Locate every line in the records below that holds the word "else" and return each one.

---------- Given data

(* Sylvester sequence, 0-indexed: sylv0 i = pi_(i+1).
   pi_1 = 2, pi_(i+1) = pi_i (pi_i - 1) + 1. *)
Fixpoint sylv0 (i : nat) : R :=
  match i with
  | O => 2
  | S i' => sylv0 i' * (sylv0 i' - 1) + 1
  end.

(* pi_i for i >= 1 (pi_0 is never used). *)
Definition pi_ (i : nat) : R := sylv0 (i - 1).

Definition lambda (j : nat) : R :=
  fold_right Rplus 0
    (map (fun i => Rmax (1 / (pi_ i - 1)) (1 / INR j)) (seq 1 j)).

Definition w2 (k : nat) (x : R) : R :=
  if Rlt_dec (1/2) x then 1 - 1 / INR k
  else if Rle_dec x (1 / INR k) then 1 / INR k
  else 1 / IZR (Int_part (1 / x)).

Definition sumR (l : list R) : R := fold_right Rplus 0 l.

From Stdlib Require Import Reals Lra Lia List Permutation.
Open Scope R_scope.

(* Write w_2(x) = 1/k + e(x) and lambda_k = 1 + sum_{j <= k} g_j with
   g_j = max(0, 1/(pi_j - 1) - 1/k): the at most k items contribute at most 1
   through their 1/k parts, and only the excesses e have to be bounded.
   If all items are at most 1/2, then e(x) <= (3/2 - 3/k) x, so the total
   excess is at most 3/2 - 3/k = g_1 + g_2 - 1/k.
   Otherwise the big item has excess g_1 - 1/k, and the others, of total size
   at most 1/2 = 1/(pi_2 - 1), are handled greedily along the Sylvester
   sequence.  Given items of total size at most 1/(pi_i - 1), either one of
   them exceeds 1/pi_i: it has excess at most g_i and leaves a total of at
   most 1/(pi_i - 1) - 1/pi_i = 1/(pi_(i+1) - 1); or all of them are at most
   1/pi_i: then every item of positive excess has w_2(x) <= (1 + 1/pi_i) x
   and excess at most 1/pi_i - 1/k, so a single such item costs at most g_i,
   while two or more pay 1/k each out of
   (1 + 1/pi_i) / (pi_i - 1) = 1/(pi_i - 1) + 1/(pi_(i+1) - 1); either way the
   total excess is at most g_i + g_(i+1).  Once pi_i - 1 >= k, all items
   are at most 1/k and have no excess. *)

Lemma sumR_cons (a : R) (l : list R) : sumR (a :: l) = a + sumR l.
Proof. reflexivity. Qed.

--------------------

_Answer to the exercise:_
  else if Rle_dec x (1 / INR k) then 1 / INR k
  else 1 / IZR (Int_part (1 / x)).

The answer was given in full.